* _Work required_
Please transcribe exactly, and only, the lines of the data below between the line holding "(* Parametrise the" and the line holding "(* [nsatz] does", inclusive.

(Saved data entries)
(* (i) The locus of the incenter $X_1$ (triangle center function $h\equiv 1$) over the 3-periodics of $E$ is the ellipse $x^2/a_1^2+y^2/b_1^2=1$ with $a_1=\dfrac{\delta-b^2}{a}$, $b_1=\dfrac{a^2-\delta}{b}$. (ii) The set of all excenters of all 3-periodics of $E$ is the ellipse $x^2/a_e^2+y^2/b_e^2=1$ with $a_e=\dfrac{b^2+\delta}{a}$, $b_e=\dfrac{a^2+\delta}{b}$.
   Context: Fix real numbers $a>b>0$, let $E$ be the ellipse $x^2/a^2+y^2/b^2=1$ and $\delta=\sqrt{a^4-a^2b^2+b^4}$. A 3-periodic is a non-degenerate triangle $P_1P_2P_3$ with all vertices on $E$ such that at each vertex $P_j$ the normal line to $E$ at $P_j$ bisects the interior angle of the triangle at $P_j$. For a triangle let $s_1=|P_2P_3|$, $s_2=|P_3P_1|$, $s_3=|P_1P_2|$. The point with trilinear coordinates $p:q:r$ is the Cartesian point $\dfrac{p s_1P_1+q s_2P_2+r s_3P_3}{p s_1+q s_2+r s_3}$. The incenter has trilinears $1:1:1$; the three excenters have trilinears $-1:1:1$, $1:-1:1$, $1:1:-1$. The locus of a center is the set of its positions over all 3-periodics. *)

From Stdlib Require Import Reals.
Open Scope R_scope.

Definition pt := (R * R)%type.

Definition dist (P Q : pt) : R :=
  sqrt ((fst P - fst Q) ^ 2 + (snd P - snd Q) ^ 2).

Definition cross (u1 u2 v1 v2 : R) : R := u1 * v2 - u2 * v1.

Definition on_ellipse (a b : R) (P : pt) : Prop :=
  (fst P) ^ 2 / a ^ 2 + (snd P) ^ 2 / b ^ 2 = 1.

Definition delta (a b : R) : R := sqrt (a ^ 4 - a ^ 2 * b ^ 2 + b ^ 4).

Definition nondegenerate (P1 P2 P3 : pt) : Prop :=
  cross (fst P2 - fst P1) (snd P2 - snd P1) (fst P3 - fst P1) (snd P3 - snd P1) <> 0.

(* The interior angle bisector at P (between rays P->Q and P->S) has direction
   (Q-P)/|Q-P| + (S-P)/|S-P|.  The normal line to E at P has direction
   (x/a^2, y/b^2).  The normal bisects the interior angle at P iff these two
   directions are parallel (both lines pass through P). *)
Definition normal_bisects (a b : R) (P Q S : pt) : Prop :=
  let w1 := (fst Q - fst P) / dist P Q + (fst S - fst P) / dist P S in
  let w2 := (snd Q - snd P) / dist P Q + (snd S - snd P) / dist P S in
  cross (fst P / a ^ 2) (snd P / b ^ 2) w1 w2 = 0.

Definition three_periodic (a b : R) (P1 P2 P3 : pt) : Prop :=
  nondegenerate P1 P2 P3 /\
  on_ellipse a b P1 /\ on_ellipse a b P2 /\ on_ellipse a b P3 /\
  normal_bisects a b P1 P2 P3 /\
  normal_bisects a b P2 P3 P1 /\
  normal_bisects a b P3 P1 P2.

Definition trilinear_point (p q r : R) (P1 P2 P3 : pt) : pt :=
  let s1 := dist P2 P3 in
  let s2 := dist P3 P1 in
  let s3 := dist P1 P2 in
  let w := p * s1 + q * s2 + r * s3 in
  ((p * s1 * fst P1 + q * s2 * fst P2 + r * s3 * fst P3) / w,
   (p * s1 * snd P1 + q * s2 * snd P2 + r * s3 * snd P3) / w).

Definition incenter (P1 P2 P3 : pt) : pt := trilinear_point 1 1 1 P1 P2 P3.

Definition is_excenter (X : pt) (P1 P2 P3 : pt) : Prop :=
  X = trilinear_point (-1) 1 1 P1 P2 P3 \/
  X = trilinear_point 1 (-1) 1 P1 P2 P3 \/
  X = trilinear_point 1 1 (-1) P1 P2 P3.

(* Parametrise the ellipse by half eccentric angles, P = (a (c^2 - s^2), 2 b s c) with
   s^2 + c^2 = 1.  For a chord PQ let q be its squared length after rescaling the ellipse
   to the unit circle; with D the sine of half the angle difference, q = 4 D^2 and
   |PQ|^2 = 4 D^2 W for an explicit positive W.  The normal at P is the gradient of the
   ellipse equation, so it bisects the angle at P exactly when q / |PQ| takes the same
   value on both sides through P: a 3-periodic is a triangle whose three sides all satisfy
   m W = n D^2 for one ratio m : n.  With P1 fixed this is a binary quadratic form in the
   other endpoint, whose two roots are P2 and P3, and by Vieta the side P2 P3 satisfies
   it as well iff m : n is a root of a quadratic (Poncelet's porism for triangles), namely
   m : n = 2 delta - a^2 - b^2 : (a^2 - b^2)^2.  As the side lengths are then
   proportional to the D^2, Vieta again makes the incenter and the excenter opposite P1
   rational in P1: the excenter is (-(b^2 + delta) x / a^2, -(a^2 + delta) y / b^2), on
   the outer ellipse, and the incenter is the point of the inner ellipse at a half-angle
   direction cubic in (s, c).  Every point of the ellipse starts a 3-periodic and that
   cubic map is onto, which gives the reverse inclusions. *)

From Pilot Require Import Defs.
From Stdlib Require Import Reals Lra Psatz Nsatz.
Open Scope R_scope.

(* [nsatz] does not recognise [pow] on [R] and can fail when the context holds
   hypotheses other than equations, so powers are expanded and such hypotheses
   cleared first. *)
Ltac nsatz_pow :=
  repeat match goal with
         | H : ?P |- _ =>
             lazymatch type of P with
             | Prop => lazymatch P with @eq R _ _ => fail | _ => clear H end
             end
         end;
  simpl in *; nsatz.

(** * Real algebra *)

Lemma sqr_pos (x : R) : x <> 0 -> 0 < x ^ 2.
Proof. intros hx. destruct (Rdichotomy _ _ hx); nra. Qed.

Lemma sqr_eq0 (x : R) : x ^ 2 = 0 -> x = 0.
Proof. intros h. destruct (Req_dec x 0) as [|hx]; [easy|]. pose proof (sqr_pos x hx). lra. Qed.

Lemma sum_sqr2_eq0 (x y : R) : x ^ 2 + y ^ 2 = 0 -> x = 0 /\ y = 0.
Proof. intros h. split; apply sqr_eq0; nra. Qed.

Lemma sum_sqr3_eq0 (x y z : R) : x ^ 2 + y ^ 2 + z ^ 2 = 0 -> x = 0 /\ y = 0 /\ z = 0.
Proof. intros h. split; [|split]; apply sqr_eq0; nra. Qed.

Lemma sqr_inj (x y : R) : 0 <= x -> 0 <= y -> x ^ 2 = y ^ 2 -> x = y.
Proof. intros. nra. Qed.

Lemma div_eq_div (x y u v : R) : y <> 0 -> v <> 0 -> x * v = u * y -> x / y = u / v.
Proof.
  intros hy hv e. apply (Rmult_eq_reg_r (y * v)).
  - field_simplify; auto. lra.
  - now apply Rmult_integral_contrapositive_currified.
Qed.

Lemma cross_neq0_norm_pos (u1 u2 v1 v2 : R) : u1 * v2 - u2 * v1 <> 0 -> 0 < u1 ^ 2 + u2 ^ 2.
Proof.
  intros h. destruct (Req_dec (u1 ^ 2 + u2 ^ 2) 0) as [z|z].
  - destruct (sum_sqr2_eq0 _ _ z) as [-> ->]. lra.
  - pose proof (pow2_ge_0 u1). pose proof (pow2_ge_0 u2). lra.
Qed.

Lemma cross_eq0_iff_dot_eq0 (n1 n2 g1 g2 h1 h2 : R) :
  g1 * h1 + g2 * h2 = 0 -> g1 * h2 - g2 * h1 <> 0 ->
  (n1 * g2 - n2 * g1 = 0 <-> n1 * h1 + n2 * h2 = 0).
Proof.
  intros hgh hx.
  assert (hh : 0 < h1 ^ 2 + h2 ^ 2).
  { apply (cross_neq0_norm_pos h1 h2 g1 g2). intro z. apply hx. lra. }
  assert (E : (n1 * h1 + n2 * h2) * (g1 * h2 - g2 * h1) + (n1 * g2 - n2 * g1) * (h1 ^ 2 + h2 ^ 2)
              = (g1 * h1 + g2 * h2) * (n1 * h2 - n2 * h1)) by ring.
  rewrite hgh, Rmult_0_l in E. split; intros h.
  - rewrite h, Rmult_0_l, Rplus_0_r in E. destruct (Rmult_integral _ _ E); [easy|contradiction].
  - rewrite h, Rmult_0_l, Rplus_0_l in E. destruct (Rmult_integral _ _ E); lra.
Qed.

* _Task output_
(* Parametrise the ellipse by half eccentric angles, P = (a (c^2 - s^2), 2 b s c) with
   s^2 + c^2 = 1.  For a chord PQ let q be its squared length after rescaling the ellipse
   to the unit circle; with D the sine of half the angle difference, q = 4 D^2 and
   |PQ|^2 = 4 D^2 W for an explicit positive W.  The normal at P is the gradient of the
   ellipse equation, so it bisects the angle at P exactly when q / |PQ| takes the same
   value on both sides through P: a 3-periodic is a triangle whose three sides all satisfy
   m W = n D^2 for one ratio m : n.  With P1 fixed this is a binary quadratic form in the
   other endpoint, whose two roots are P2 and P3, and by Vieta the side P2 P3 satisfies
   it as well iff m : n is a root of a quadratic (Poncelet's porism for triangles), namely
   m : n = 2 delta - a^2 - b^2 : (a^2 - b^2)^2.  As the side lengths are then
   proportional to the D^2, Vieta again makes the incenter and the excenter opposite P1
   rational in P1: the excenter is (-(b^2 + delta) x / a^2, -(a^2 + delta) y / b^2), on
   the outer ellipse, and the incenter is the point of the inner ellipse at a half-angle
   direction cubic in (s, c).  Every point of the ellipse starts a 3-periodic and that
   cubic map is onto, which gives the reverse inclusions. *)

From Pilot Require Import Defs.
From Stdlib Require Import Reals Lra Psatz Nsatz.
Open Scope R_scope.

(* [nsatz] does not recognise [pow] on [R] and can fail when the context holds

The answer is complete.